Court Opinion

ID: 6556101
Source: CourtListenerOpinion
Date Created: 2022-07-20 18:58:21.990373+00
Date Added: 2024-06-11T15:56:19.360327
License: Public Domain

Pennewill, C. J.,
delivering the opinion of the court:
The above case is before the court upon an agreed statement of facts.
*407The questions of law to be determined are:
[1] First. Whether the' lien of the judgments mentioned upon the real estate of the deceased has been lost by the operation of the statute known as the ten-year lien law. Three of the judgments were recovered upon rules of reference against the executrix of the deceased, and the remaining judgment was entered against the deceased in his lifetime. The latest of said judgments was entered in June 1891, and all were due at the time of entry.
We are clearly of the opinion that the lien of said judgments is lost.
[2] Second. Whether, notwithstanding the loss of the lien of the judgments under said statute, the real estate is nevertheless liable for the payment of the debts of said deceased.
While there is no statute in this state expressly limiting the period of liability of the real estate of a deceased person for the payment of his debts, we are of the opinion that the power to sell for the payment of debts, which is created, or conferred, by statute, should be exercised within a reasonable time after the death of the debtor. Such is certainly the policy of the law.

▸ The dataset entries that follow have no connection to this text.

(* Let $f\ge0$ be integrable on $[-\pi,\pi]$ with $\int f>0$ and such that $\lim_{n\to\infty}\sigma_{n+1}^2(f)/\sigma_n^2(f)=1$. Let $p_n$ be the optimal polynomial for $f$ and define $K_n(\lambda)=|p_n(e^{i\lambda})|^2f(\lambda)/\sigma_n^2(f)$. Then $K_n\ge0$, $\int_{-\pi}^{\pi}K_n(\lambda)\,d\lambda=1$, and for every $0<\delta\le\pi$, $$\lim_{n\to\infty}\int_{\delta\le|\lambda|\le\pi}K_n(\lambda)\,d\lambda=0;$$ i.e. $\{K_n\}$ is an approximate identity.
   Context: $\sigma_n^2(f)=\min_{q\in\mathcal{Q}_n(1)}\int_{-\pi}^{\pi}|q(e^{i\lambda})|^2f(\lambda)\,d\lambda$, where $\mathcal{Q}_n(1)$ is the set of complex polynomials of degree at most $n$ with $q(1)=1$; the optimal polynomial $p_n\in\mathcal{Q}_n(1)$ is the unique minimizer. *)

From HB Require Import structures.
From mathcomp Require Import all_boot all_order all_algebra.
From mathcomp Require Import all_classical all_reals all_analysis.
From mathcomp Require Import complex.

Set Implicit Arguments.
Unset Strict Implicit.
Unset Printing Implicit Defensive.

Import Order.TTheory GRing.Theory Num.Theory.
Local Open Scope ring_scope.
Local Open Scope classical_set_scope.

Definition expi (R : realType) (x : R) : R[i] := Complex (cos x) (sin x).

Definition sqmod (R : realType) (z : R[i]) : R :=
  (complex.Re z) ^+ 2 + (complex.Im z) ^+ 2.

Definition Qn1 (R : realType) (n : nat) : set {poly R[i]} :=
  [set q : {poly R[i]} | (size q <= n.+1)%N /\ q.[1] = 1].

Definition qform (R : realType) (f : R -> R) (q : {poly R[i]}) : R :=
  Rintegral (@lebesgue_measure R) `[(- pi)%R, pi]%classic
    (fun x => sqmod q.[expi x] * f x).

(* sigma_n^2(f) = min_{q in Q_n(1)} qform f q (written as an infimum;
   the minimum is attained) *)
Definition sigma2 (R : realType) (f : R -> R) (n : nat) : R :=
  inf [set qform f q | q in @Qn1 R n].

Definition optimal_poly (R : realType) (f : R -> R) (n : nat)
  (p : {poly R[i]}) : Prop :=
  @Qn1 R n p /\ qform f p = sigma2 f n.

Definition Kn (R : realType) (f : R -> R) (p : nat -> {poly R[i]}) (n : nat)
  (x : R) : R := sqmod (p n).[expi x] * f x / sigma2 f n.

From HB Require Import structures.
From mathcomp Require Import all_boot all_order all_algebra.
From mathcomp Require Import all_classical all_reals all_analysis.
From mathcomp Require Import complex.
From mathcomp Require Import ring lra measurable_realfun.

(** Multiplying [p_n] by [(1 + z) / 2] gives a competitor of degree [n + 1]
  whose squared modulus on the circle is [|p_n|^2 (1 + cos) / 2], so
  [sigma_(n+1)^2 <= sigma_n^2 - \int |p_n|^2 f (1 - cos) / 2].  On
  [delta <= |x| <= pi] the weight [(1 - cos x) / 2] is at least
  [k = (1 - cos delta) / 2 > 0], hence the mass of [K_n] there is at most
  [(1 - sigma_(n+1)^2 / sigma_n^2) / k], which tends to [0]. *)

Set Implicit Arguments.
Unset Strict Implicit.
Unset Printing Implicit Defensive.

Import Order.TTheory GRing.Theory Num.Theory.
Import numFieldNormedType.Exports.
Local Open Scope ring_scope.
Local Open Scope classical_set_scope.

Lemma sqmodE (R : realType) (z : R[i]) : (sqmod z)%:C%C = `|z| ^+ 2.
Proof. exact: add_Re2_Im2. Qed.

Lemma sqmodM (R : realType) (a b : R[i]) : sqmod (a * b) = sqmod a * sqmod b.
Proof. by apply: (@complexI R); rewrite rmorphM /= !sqmodE normrM exprMn. Qed.

Lemma sqmod_ge0 (R : realType) (z : R[i]) : 0 <= sqmod z.
Proof. by rewrite addr_ge0 ?sqr_ge0. Qed.

Lemma measurable_horner d (T : measurableType d) (R : realType) (D : set T)
    (g : T -> R[i]) (q : {poly R[i]}) :
  measurable_fun D (fun x => complex.Re (g x)) ->
  measurable_fun D (fun x => complex.Im (g x)) ->
  measurable_fun D (fun x => complex.Re q.[g x]) /\
  measurable_fun D (fun x => complex.Im q.[g x]).
Proof.
move=> mRe mIm; elim/poly_ind: q => [|q c [mqRe mqIm]].
  by split; under eq_fun do rewrite horner0; exact: measurable_cst.
split.
- under eq_fun do rewrite hornerMXaddC.
  have -> : (fun x => complex.Re (q.[g x] * g x + c)) =
      (fun x => complex.Re q.[g x]) \* (fun x => complex.Re (g x)) \-
      (fun x => complex.Im q.[g x]) \* (fun x => complex.Im (g x)) \+ cst (complex.Re c).
    by apply/funext => x /=; case: q.[g x] => ? ?; case: (g x) => ? ?; case: c.
  by apply: measurable_funD; [apply: measurable_funB; exact: measurable_funM|].
- under eq_fun do rewrite hornerMXaddC.
  have -> : (fun x => complex.Im (q.[g x] * g x + c)) =
      (fun x => complex.Re q.[g x]) \* (fun x => complex.Im (g x)) \+
      (fun x => complex.Im q.[g x]) \* (fun x => complex.Re (g x)) \+ cst (complex.Im c).
    by apply/funext => x /=; case: q.[g x] => ? ?; case: (g x) => ? ?; case: c.
  by apply: measurable_funD; [apply: measurable_funD; exact: measurable_funM|].
Qed.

The reasoning of the Supreme Court of the United States in. the case of Ricard v. Williams, et al., 7 Wheat. 61, 5 L. Ed. 398, seems to us to be sound, reasonable and unanswerable. That, was a case which arose in the State of Connecticut, where the law upon the question under consideration was practically in the* same condition as in this state, except that the statute of limitations was there fifteen years.
Justice Story, in delivering the opinion of the court in that' case, said:
“A power to sell the estate for the payment of debts being created by the law ought not to be so construed as to work mischiefs against the intent of the law. It ought to be exercised within a reasonable time after the death of the intestate; and gross neglect or delay on the part of the creditors for an unreasonable time, ought to be held to be a waiver or extinguishment of it. * * * What, then, is to be deemed a reasonable time for the exercise of this power to sell? It has been argued that the case of such a power is within the purview of the statute of limi*408tations of Connecticut; and if not, that the reasonable time for its exercise is to be fixed by analogy to that statute. The statute provides that no person shall, at any time thereafter, make entry into any lands or tenements, but within fifteen years next after his right or title shall first descend or accrue to the same, with a saving in favor of infants, femes covert,” etc. 7 Wheat. 116, 117, 5 L. Ed. 398.
In conformity with the decision in the Supreme Court case, we hold, under the facts stated, that the power to sell the real estate mentioned and described in this case could not be exercised after the expiration of twenty years from the time when said judgments became due and payable, and that therefore said real estate is not liable for the debts represented by said judgments.
And now, to wit, this ninth day of April, A. D. 1912, it is ordered that judgment be entered in favor of the plaintiff and against the defendant for the sum of one hundred dollars damages, together with costs of suit.